*DATASET ENTRIES*:
(* Let $\alpha\in(0,1]$, $b>0$, $p>\max(1/\alpha,b/\alpha)$, $H,K\ge0$ and $n\ge1$. Let $\Upsilon_0,\dots,\Upsilon_n$ be real random variables such that for all $0\le i\le j\le n$, \[ \mathbb E(|\Upsilon_j-\Upsilon_i|^p)\le H(j-i)^{\alpha p}+K(j-i)^b. \] Then for every $\gamma$ with $\max(1,b)<\gamma<\alpha p$ there is a constant $c=c(\alpha,\gamma,p,b)>0$ (depending only on $\alpha,\gamma,p,b$) such that \[ \mathbb E\Big(\max_{0\le i\le j\le n}|\Upsilon_j-\Upsilon_i|^p\Big)\le c\big(Hn^{\alpha p}+Kn^\gamma\big). \] In particular, if $\Upsilon_0=0$ then $\mathbb E(\max_{0\le i\le n}|\Upsilon_i|^p)\le c(Hn^{\alpha p}+Kn^\gamma)$. *)

From HB Require Import structures.
From mathcomp Require Import all_boot all_order all_algebra.
From mathcomp Require Import all_classical all_reals all_analysis.
Set Implicit Arguments. Unset Strict Implicit. Unset Printing Implicit Defensive.
Import Order.TTheory GRing.Theory Num.Theory.
Local Open Scope ring_scope.

(* max_{0<=i<=j<=n} |Y j x - Y i x|^p  (all terms are >= 0, so 0 is a valid
   neutral element for the max) *)
Definition maxincr_pow (R : realType) (T : Type) (Y : nat -> T -> R)
  (n : nat) (p : R) (x : T) : R :=
  \big[Num.max/0]_(i < n.+1) \big[Num.max/0]_(j < n.+1 | (i <= j)%N)
     (`|Y j x - Y i x| `^ p).

Definition max_pow (R : realType) (T : Type) (Y : nat -> T -> R)
  (n : nat) (p : R) (x : T) : R :=
  \big[Num.max/0]_(i < n.+1) (`|Y i x| `^ p).

From HB Require Import structures.
From mathcomp Require Import all_boot all_order all_algebra.
From mathcomp Require Import all_classical all_reals all_analysis.
From mathcomp Require Import measurable_realfun zify ring lra.
Import Order.TTheory GRing.Theory Num.Theory.
Set Implicit Arguments.
Unset Strict Implicit.
Unset Printing Implicit Defensive.
Local Open Scope ring_scope.

(* Dyadic chaining.  Take L with n <= 2^L <= 2n and freeze Y after time n.
   Every increment Y_j - Y_i is at most twice the sum over the levels
   k <= L of the largest increment of Y over the 2^k dyadic intervals of
   length 2^(L-k).  Weighting level k by q^k, the p-th power of that sum is
   bounded by a weighted sum of p-th powers of dyadic increments, whose
   expectation the moment hypothesis controls level by level.  With
   q^(2p) = 2^(1-gamma) both the weights and the level contributions form
   convergent geometric series, and 2^L <= 2n turns 2^(L gamma) and
   2^(L alpha p) into multiples of n^gamma and n^(alpha p). *)

Section PowerBounds.
Variable R : realType.
Implicit Types (x p : R) (n : nat).

Lemma powR_exprn x n p : 0 <= x -> (x ^+ n) `^ p = (x `^ p) ^+ n.
Proof. by move=> x0; rewrite -powR_mulrn // powRAC powR_mulrn // powR_ge0. Qed.

Lemma powRV x p : 0 <= x -> (x^-1) `^ p = (x `^ p)^-1.
Proof. by move=> x0; rewrite -powR_inv1 // -powRrM mulN1r powRN. Qed.

Lemma powR_lt1 x p : 1 < x -> p < 0 -> x `^ p < 1.
Proof.
move=> x1 p0; rewrite /powR gt_eqF ?(lt_trans ltr01) // expR_lt1.
by rewrite nmulr_rlt0 // ln_gt0.
Qed.

Lemma sum_expr_le_inv x n : 0 < x < 1 -> \sum_(0 <= k < n) x ^+ k <= (1 - x)^-1.
Proof.
case/andP=> x0 x1; have := @geometric_le_lim R n 1 x ler01 x0.
by rewrite gtr0_norm // mul1r seriesEnat /=; under eq_bigr do rewrite mul1r; apply.
Qed.

Lemma powR_bigmax_le_sum (I : Type) (r : seq I) (F : I -> R) p :
  0 < p -> (forall i, 0 <= F i) ->
  (\big[Num.max/0]_(i <- r) F i) `^ p <= \sum_(i <- r) F i `^ p.
Proof.
move=> p0 F0; elim: r => [|a r IH]; first by rewrite !big_nil powR0 ?gt_eqF.
rewrite !big_cons; have [_|_] := leP (F a) (\big[Num.max/0]_(i <- r) F i).
  by rewrite (le_trans IH) // lerDr powR_ge0.
by rewrite lerDl sumr_ge0 // => i _; rewrite powR_ge0.
Qed.

(* With [M] the largest ratio [d j / w j]: [sum d <= M * sum w] and
   [M ^ p <= sum (d / w) ^ p]. *)
Lemma powR_sum_le_weighted (I : eqType) (r : seq I) (d w : I -> R) p :
  0 < p -> (forall j, 0 <= d j) -> (forall j, 0 < w j) ->
  (\sum_(j <- r) d j) `^ p
    <= (\sum_(j <- r) w j) `^ p * \sum_(j <- r) (d j / w j) `^ p.
Proof.
move=> p0 d0 w0; set M := \big[Num.max/0]_(j <- r) (d j / w j).
have M0 : 0 <= M by exact: bigmax_ge_id.
have W0 : 0 <= \sum_(j <- r) w j by apply: sumr_ge0 => j _; exact: ltW.
have dM : \sum_(j <- r) d j <= (\sum_(j <- r) w j) * M.
  rewrite mulr_suml big_seq [leRHS]big_seq; apply: ler_sum => j jr.
  rewrite -{1}(divfK (lt0r_neq0 (w0 j)) (d j)) mulrC ler_wpM2l ?(ltW (w0 j)) //.
  exact: (@le_bigmax_seq _ _ _ _ _ _ xpredT (fun j => d j / w j) jr).
apply: (le_trans (ge0_ler_powR (ltW p0) _ _ dM)); rewrite ?nnegrE ?mulr_ge0 //.
  exact: sumr_ge0.
rewrite powRM // ler_wpM2l ?powR_ge0 // powR_bigmax_le_sum // => j.
by rewrite divr_ge0 ?(ltW (w0 j)).
Qed.

End PowerBounds.

Section DyadicChaining.
Variable R : realType.
Implicit Types (g : nat -> R) (L k m t : nat).

Definition dyadic_incr g L k m : R :=
  `|g (m.+1 * 2 ^ (L - k))%N - g (m * 2 ^ (L - k))%N|.

Definition dyadic_osc g L k : R :=
  \big[Num.max/0]_(0 <= m < 2 ^ k) dyadic_incr g L k m.

Lemma dyadic_osc_ge0 g L k : 0 <= dyadic_osc g L k.
Proof. exact: bigmax_ge_id. Qed.

Lemma le_dyadic_osc g L k m :
  (m < 2 ^ k)%N -> dyadic_incr g L k m <= dyadic_osc g L k.
Proof.
by move=> mk; apply: (@le_bigmax_seq _ _ _ _ _ _ xpredT); rewrite ?mem_index_iota.
Qed.

Lemma dyadic_incr_finest g L m : dyadic_incr g L L m = `|g m.+1 - g m|.
Proof. by rewrite /dyadic_incr subnn expn0 !muln1. Qed.

Lemma sum_dyadic_osc_double g L :
  \sum_(0 <= k < L.+1) dyadic_osc (fun u => g (2 * u)%N) L k
  = \sum_(0 <= k < L.+1) dyadic_osc g L.+1 k.
Proof.
apply: eq_big_nat => k /andP[_ kL]; apply: eq_bigr => m _.
rewrite /dyadic_incr subSn // expnS.
by rewrite !mulnA [(2 * m.+1)%N]mulnC [(2 * m)%N]mulnC.
Qed.

(* Induction on [L]: the even points of the grid of [g] at level [L.+1] form
   the grid of [u |-> g (2 * u)] at level [L], and [t] is at most one finest
   increment away from the even point [2 * (t / 2)]. *)
Lemma dyadic_chaining g L t : (t <= 2 ^ L)%N ->
  `|g t - g 0%N| <= \sum_(0 <= k < L.+1) dyadic_osc g L k.
Proof.
elim: L g t => [|L IH] g t ht.
  rewrite big_nat1; have [->|->] : (t = 0 \/ t = 1)%N by rewrite expn0 in ht; lia.
    by rewrite subrr normr0 dyadic_osc_ge0.
  by rewrite -(dyadic_incr_finest g 0) le_dyadic_osc.
have half_le : (t./2 <= 2 ^ L)%N by rewrite expnS in ht; rewrite -divn2; lia.
have := IH (fun u => g (2 * u)%N) _ half_le.
rewrite muln0 sum_dyadic_osc_double => even_le; rewrite big_nat_recr //=.
apply: (le_trans (ler_distD (g (2 * t./2)%N) _ _)); rewrite addrC lerD //.
rewrite mul2n; have := odd_double_half t; case: (odd t) => /= t_eq.
  rewrite -{1}t_eq add1n -(dyadic_incr_finest g L.+1) le_dyadic_osc //.
  by move: ht; rewrite -t_eq expnS; lia.
by rewrite -{1}t_eq add0n subrr normr0 dyadic_osc_ge0.
Qed.

Definition dyadic_bound g L (p q : R) : R :=
  (2 / (1 - q)) `^ p * \sum_(0 <= k < L.+1) ((q `^ p) ^+ k)^-1 *
    \sum_(0 <= m < 2 ^ k) dyadic_incr g L k m `^ p.

Lemma powR_dist_le_dyadic_bound g L (p q : R) i j :
  0 < p -> 0 < q < 1 -> (i <= 2 ^ L)%N -> (j <= 2 ^ L)%N ->
  `|g j - g i| `^ p <= dyadic_bound g L p q.
Proof.
move=> p0 /andP[q0 q1] iL jL.
have dist_le : `|g j - g i| <= 2 * \sum_(0 <= k < L.+1) dyadic_osc g L k.
  rewrite mulr2n mulrDl mul1r (le_trans (ler_distD (g 0%N) _ _)) //.
  by apply: lerD; [|rewrite distrC]; apply: dyadic_chaining.
set S := \sum_(0 <= k < L.+1) dyadic_osc g L k in dist_le *.
have S0 : 0 <= S by apply: sumr_ge0 => k _; exact: dyadic_osc_ge0.
have q1' : 0 < 1 - q by rewrite subr_gt0.
have S_le : S `^ p <= ((1 - q)^-1) `^ p *
    \sum_(0 <= k < L.+1) ((q `^ p) ^+ k)^-1 * dyadic_osc g L k `^ p.
  apply: (le_trans (powR_sum_le_weighted _ p0 (dyadic_osc_ge0 g L)
                                       (fun k => exprn_gt0 k q0))).
  apply: ler_pM; first exact: powR_ge0.
  - by apply: sumr_ge0 => k _; exact: powR_ge0.
  - apply: (ge0_ler_powR (ltW p0)); rewrite ?nnegrE ?invr_ge0 ?(ltW q1') //.
      by apply: sumr_ge0 => k _; rewrite exprn_ge0 ?ltW.
    by rewrite sum_expr_le_inv ?q0.
  apply: ler_sum => k _.
  have qk0 : 0 <= q ^+ k by rewrite exprn_ge0 ?(ltW q0).
  by rewrite powRM ?dyadic_osc_ge0 ?invr_ge0 // powRV // powR_exprn ?(ltW q0) // mulrC.
apply: (le_trans (ge0_ler_powR (ltW p0) _ _ dist_le)); rewrite ?nnegrE ?mulr_ge0 //.
rewrite /dyadic_bound !powRM ?invr_ge0 ?(ltW q1') // -mulrA ler_wpM2l ?powR_ge0 //.
apply: (le_trans S_le); rewrite ler_wpM2l ?powR_ge0 // ler_sum // => k _.
rewrite ler_wpM2l ?invr_ge0 ?exprn_ge0 ?powR_ge0 // powR_bigmax_le_sum //.
by move=> m; exact: normr_ge0.
Qed.

End DyadicChaining.

Section DyadicSums.
Variable R : realType.

Lemma sum_dyadic_geometric_le (Q x : R) L : 0 < Q < 1 -> 0 < x ->
  2 <= Q ^+ 2 * x ->
  \sum_(0 <= k < L.+1) (Q ^+ k)^-1 * x ^+ (L - k) *+ 2 ^ k <= (1 - Q)^-1 * x ^+ L.
Proof.
move=> /andP[Q0 Q1] x0 Qx2.
apply: (@le_trans _ _ (\sum_(0 <= k < L.+1) Q ^+ k * x ^+ L)); last first.
  rewrite -mulr_suml ler_wpM2r ?exprn_ge0 ?(ltW x0) //.
  by rewrite sum_expr_le_inv ?Q0.
rewrite big_nat_cond [leRHS]big_nat_cond.
apply: ler_sum => k /andP[/andP[_]]; rewrite ltnS => kL _.
have Qk0 : Q ^+ k != 0 by rewrite expf_neq0 ?lt0r_neq0.
have -> : Q ^+ k * x ^+ L = (Q ^+ k)^-1 * x ^+ (L - k) * (Q ^+ 2 * x) ^+ k.
  rewrite -{1}(subnK kL) exprD exprMn -exprM mulnC exprM.
  by field.
rewrite -mulr_natr ler_wpM2l ?mulr_ge0 ?invr_ge0 ?exprn_ge0 ?(ltW Q0) ?(ltW x0) //.
by rewrite natrX lerXn2r ?nnegrE ?mulr_ge0 ?exprn_ge0 ?(ltW Q0) ?(ltW x0).
Qed.

Lemma exprn_powR2_le (r : R) L n : 0 <= r -> (2 ^ L <= 2 * n)%N ->
  (2 `^ r) ^+ L <= 2 `^ r * n%:R `^ r.
Proof.
move=> r0 Ln; rewrite -powR_exprn // -natrX -powRM // -natrM.
by apply: (ge0_ler_powR r0); rewrite ?nnegrE ?ler_nat.
Qed.

Lemma sum_dyadic_moment_le (Q H K r s : R) L n :
  0 < Q < 1 -> 0 <= H -> 0 <= K -> 0 <= s <= r -> 2 <= Q ^+ 2 * 2 `^ s ->
  (2 ^ L <= 2 * n)%N ->
  \sum_(0 <= k < L.+1) (Q ^+ k)^-1 *
      ((H * (2 `^ r) ^+ (L - k) + K * (2 `^ s) ^+ (L - k)) *+ 2 ^ k)
    <= (1 - Q)^-1 * 2 `^ r * (H * n%:R `^ r + K * n%:R `^ s).
Proof.
move=> /andP[Q0 Q1] H0 K0 /andP[s0 sr] Qs Ln.
have s_r : 2 `^ s <= 2 `^ r by rewrite ler_powR ?ler1n.
have Qr : 2 <= Q ^+ 2 * 2 `^ r.
  by rewrite (le_trans Qs) // ler_wpM2l ?exprn_ge0 ?(ltW Q0).
under eq_bigr do rewrite mulrnDl mulrDr !mulrnAr mulrCA [_ * (K * _)]mulrCA
  -[(H * _) *+ _]mulrnAr -[(K * _) *+ _]mulrnAr.
have geo x : 0 < x -> 2 <= Q ^+ 2 * x -> \sum_(0 <= k < L.+1)
    (Q ^+ k)^-1 * x ^+ (L - k) *+ 2 ^ k <= (1 - Q)^-1 * x ^+ L.
  by move=> x0 Qx; rewrite sum_dyadic_geometric_le ?Q0.
rewrite big_split -!mulr_sumr /=.
rewrite (le_trans (lerD (ler_wpM2l H0 (geo _ (powR_gt0 _ _) Qr))
                       (ler_wpM2l K0 (geo _ (powR_gt0 _ _) Qs)))) //.
have iQ : 0 <= (1 - Q)^-1 by rewrite invr_ge0 subr_ge0 (ltW Q1).
have -> : (1 - Q)^-1 * 2 `^ r * (H * n%:R `^ r + K * n%:R `^ s)
    = H * ((1 - Q)^-1 * (2 `^ r * n%:R `^ r))
      + K * ((1 - Q)^-1 * (2 `^ r * n%:R `^ s)) by ring.
rewrite lerD // ler_wpM2l // ler_wpM2l //.
  exact: exprn_powR2_le (le_trans s0 sr) Ln.
by rewrite (le_trans (exprn_powR2_le s0 Ln)) // ler_wpM2r ?powR_ge0.
Qed.

End DyadicSums.

Section ChainingConstant.
Variable R : realType.
Implicit Types alpha gamma p : R.

(* With [Q := chaining_rate gamma p `^ p = 2 `^ ((1 - gamma) / 2)], level [k]
   has [2 ^ k] intervals, each with moment [2 ^ (- k * gamma)] relative to the
   coarsest one, and weight [Q ^ (- k)]: it contributes a factor [Q ^ k]. *)
Definition chaining_rate gamma p : R := 2 `^ ((1 - gamma) / (2 * p)).

Definition chaining_const alpha gamma p : R :=
  (2 / (1 - chaining_rate gamma p)) `^ p * (1 - chaining_rate gamma p `^ p)^-1
  * 2 `^ (alpha * p).

Lemma chaining_rateP gamma p : 1 < gamma -> 0 < p ->
  [/\ 0 < chaining_rate gamma p < 1, 0 < chaining_rate gamma p `^ p < 1
    & (chaining_rate gamma p `^ p) ^+ 2 * 2 `^ gamma = 2].
Proof.
move=> g1 p0; have Q_E : chaining_rate gamma p `^ p = 2 `^ ((1 - gamma) / 2).
  by rewrite -powRrM; congr (_ `^ _); field; rewrite gt_eqF.
rewrite Q_E !powR_gt0 ?powR_lt1 ?ltr1n //; last 2 first.
- by rewrite pmulr_llt0 ?invr_gt0 ?mulr_gt0 //; lra.
- by rewrite pmulr_llt0 ?invr_gt0 //; lra.
rewrite expr2 -!powRD ?pnatr_eq0 ?implybT //.
have -> : (1 - gamma) / 2 + (1 - gamma) / 2 + gamma = 1 by field.
by rewrite powRr1.
Qed.
(* Let $(\mathcal U,\mathcal D)$ be a metric space, $\mathcal R\subseteq\mathcal U$ a finite dataset, $\delta>0$, and $a_1,\dots,a_n\in\mathcal U$. For $o\in\mathcal U$ let $o^n=(\mathcal D(a_1,o),\dots,\mathcal D(a_n,o))\in\mathbb{R}^n$. Let $\mathcal B_1,\dots,\mathcal B_p\subseteq\mathbb{R}^n$ be boxes $\mathcal B_i=\prod_{d=1}^n[\mathcal B_i^{\bot}[d],\mathcal B_i^{\top}[d]]$, and define the kernel partitions $\mathcal V_i=\{o\in\mathcal R: o^n\in\mathcal B_i\}$ and the whole partitions $$\mathcal W_i=\Big\{o\in\mathcal R:\ o^n\in\prod_{d=1}^n\big[\mathcal B_i^{\bot}[d]-\delta,\ \mathcal B_i^{\top}[d]+\delta\big]\Big\}.$$ Assume the kernel partitions are pairwise disjoint and $\bigcup_{i=1}^p\mathcal V_i=\mathcal R$. Then for any two objects $o_x,o_y\in\mathcal R$ with $\mathcal D(o_x,o_y)<\delta$, there exists $k\in\{1,\dots,p\}$ such that $o_x\in\mathcal V_k$ and $o_y\in\mathcal W_k$.
   Context: The points $a_1,\dots,a_n$ are ''dimensional pivots'' used to map objects into the Euclidean target space $\mathbb{R}^n$; the boxes $\mathcal B_i$ are the areas obtained by partitioning that target space. A metric $\mathcal D$ satisfies non-negativity, $\mathcal D(x,y)=0$ iff $x=y$, symmetry and the triangle inequality. *)

From Stdlib Require Import Reals List.
Open Scope R_scope.

Definition is_metric {U : Type} (D : U -> U -> R) : Prop :=
  (forall x y, 0 <= D x y) /\
  (forall x y, D x y = 0 <-> x = y) /\
  (forall x y, D x y = D y x) /\
  (forall x y z, D x z <= D x y + D y z).

Definition finite_set {U : Type} (S : U -> Prop) : Prop :=
  exists l : list U, forall x, S x <-> In x l.

(* o^n : the pivot-space image, coordinates indexed by d = 0..n-1 (pivot a d). *)
Definition embed {U : Type} (D : U -> U -> R) (a : nat -> U) (o : U) : nat -> R :=
  fun d => D (a d) o.

Definition in_box (n : nat) (lo hi : nat -> R) (e : R) (v : nat -> R) : Prop :=
  forall d, (d < n)%nat -> lo d - e <= v d <= hi d + e.

(* Kernel partition V_i (boxes indexed i = 0..p-1, bounds Blo i d, Bhi i d). *)
Definition kernel_part {U : Type} (D : U -> U -> R) (Rs : U -> Prop) (n : nat)
  (a : nat -> U) (Blo Bhi : nat -> nat -> R) (i : nat) (o : U) : Prop :=
  Rs o /\ in_box n (Blo i) (Bhi i) 0 (embed D a o).

Definition whole_part {U : Type} (D : U -> U -> R) (Rs : U -> Prop) (n : nat)
  (a : nat -> U) (Blo Bhi : nat -> nat -> R) (delta : R) (i : nat) (o : U) : Prop :=
  Rs o /\ in_box n (Blo i) (Bhi i) delta (embed D a o).

(* Each pivot coordinate o |-> D(a_d, o) is 1-Lipschitz by the triangle
   inequality, so moving from o_x to o_y (closer than delta) shifts every
   coordinate by less than delta.  Hence o_y lies in the delta-enlargement of
   the kernel box that contains o_x; only the covering hypothesis is needed,
   not disjointness or finiteness. *)
From Stdlib Require Import Reals List Lra.
Open Scope R_scope.

Lemma metric_dist_diff_le {U : Type} (D : U -> U -> R) :
  is_metric D -> forall a x y, Rabs (D a x - D a y) <= D x y.
Proof.
  intros [_ [_ [Hsym Htri]]] a x y.
  pose proof (Htri a x y); pose proof (Htri a y x); pose proof (Hsym x y).
  apply Rabs_le; lra.
Qed.

Lemma embed_dist_le {U : Type} (D : U -> U -> R) (a : nat -> U) :
  is_metric D -> forall x y d, Rabs (embed D a x d - embed D a y d) <= D x y.
Proof. intros HD x y d; exact (metric_dist_diff_le D HD (a d) x y). Qed.

Lemma in_box_widen (n : nat) (lo hi : nat -> R) (e : R) (u v : nat -> R) :
  in_box n lo hi 0 u ->
  (forall d, (d < n)%nat -> Rabs (u d - v d) <= e) ->
  in_box n lo hi e v.
Proof.
  intros Hu Huv d Hd.
  specialize (Hu d Hd); specialize (Huv d Hd).
  pose proof (Rle_abs (u d - v d)) as Hle.
  pose proof (Rle_abs (- (u d - v d))) as Hge; rewrite Rabs_Ropp in Hge.
  lra.
Qed.

Theorem lemma4 (U : Type) (D : U -> U -> R) (Rs : U -> Prop) (delta : R)
  (n : nat) (a : nat -> U) (p : nat) (Blo Bhi : nat -> nat -> R) :
  is_metric D ->
  finite_set Rs ->
  0 < delta ->
  (forall i j o, (i < p)%nat -> (j < p)%nat -> i <> j ->
     ~ (kernel_part D Rs n a Blo Bhi i o /\ kernel_part D Rs n a Blo Bhi j o)) ->
  (forall o, Rs o <-> exists i, (i < p)%nat /\ kernel_part D Rs n a Blo Bhi i o) ->
  forall ox oy, Rs ox -> Rs oy -> D ox oy < delta ->
  exists k, (k < p)%nat /\ kernel_part D Rs n a Blo Bhi k ox /\
            whole_part D Rs n a Blo Bhi delta k oy.
Proof.
  intros HD _ _ _ Hcover ox oy Hx Hy Hxy.
  destruct (proj1 (Hcover ox) Hx) as [k [Hk Hkx]].
  exists k; split; [exact Hk | split; [exact Hkx | split; [exact Hy |]]].
  apply in_box_widen with (embed D a ox); [apply Hkx |].
  intros d _.
  pose proof (embed_dist_le D a HD ox oy d); lra.
Qed.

*WORK REQUIRED*:
Take the entries above and copy them exactly from the first line through the line with "From mathcomp Require Import measurable_realfun"; leave out every line after it.

*RESULT OF THIS TASK*:
(* Let $\alpha\in(0,1]$, $b>0$, $p>\max(1/\alpha,b/\alpha)$, $H,K\ge0$ and $n\ge1$. Let $\Upsilon_0,\dots,\Upsilon_n$ be real random variables such that for all $0\le i\le j\le n$, \[ \mathbb E(|\Upsilon_j-\Upsilon_i|^p)\le H(j-i)^{\alpha p}+K(j-i)^b. \] Then for every $\gamma$ with $\max(1,b)<\gamma<\alpha p$ there is a constant $c=c(\alpha,\gamma,p,b)>0$ (depending only on $\alpha,\gamma,p,b$) such that \[ \mathbb E\Big(\max_{0\le i\le j\le n}|\Upsilon_j-\Upsilon_i|^p\Big)\le c\big(Hn^{\alpha p}+Kn^\gamma\big). \] In particular, if $\Upsilon_0=0$ then $\mathbb E(\max_{0\le i\le n}|\Upsilon_i|^p)\le c(Hn^{\alpha p}+Kn^\gamma)$. *)

From HB Require Import structures.
From mathcomp Require Import all_boot all_order all_algebra.
From mathcomp Require Import all_classical all_reals all_analysis.
Set Implicit Arguments. Unset Strict Implicit. Unset Printing Implicit Defensive.
Import Order.TTheory GRing.Theory Num.Theory.
Local Open Scope ring_scope.

(* max_{0<=i<=j<=n} |Y j x - Y i x|^p  (all terms are >= 0, so 0 is a valid
   neutral element for the max) *)
Definition maxincr_pow (R : realType) (T : Type) (Y : nat -> T -> R)
  (n : nat) (p : R) (x : T) : R :=
  \big[Num.max/0]_(i < n.+1) \big[Num.max/0]_(j < n.+1 | (i <= j)%N)
     (`|Y j x - Y i x| `^ p).

Definition max_pow (R : realType) (T : Type) (Y : nat -> T -> R)
  (n : nat) (p : R) (x : T) : R :=
  \big[Num.max/0]_(i < n.+1) (`|Y i x| `^ p).

From HB Require Import structures.
From mathcomp Require Import all_boot all_order all_algebra.
From mathcomp Require Import all_classical all_reals all_analysis.
From mathcomp Require Import measurable_realfun zify ring lra.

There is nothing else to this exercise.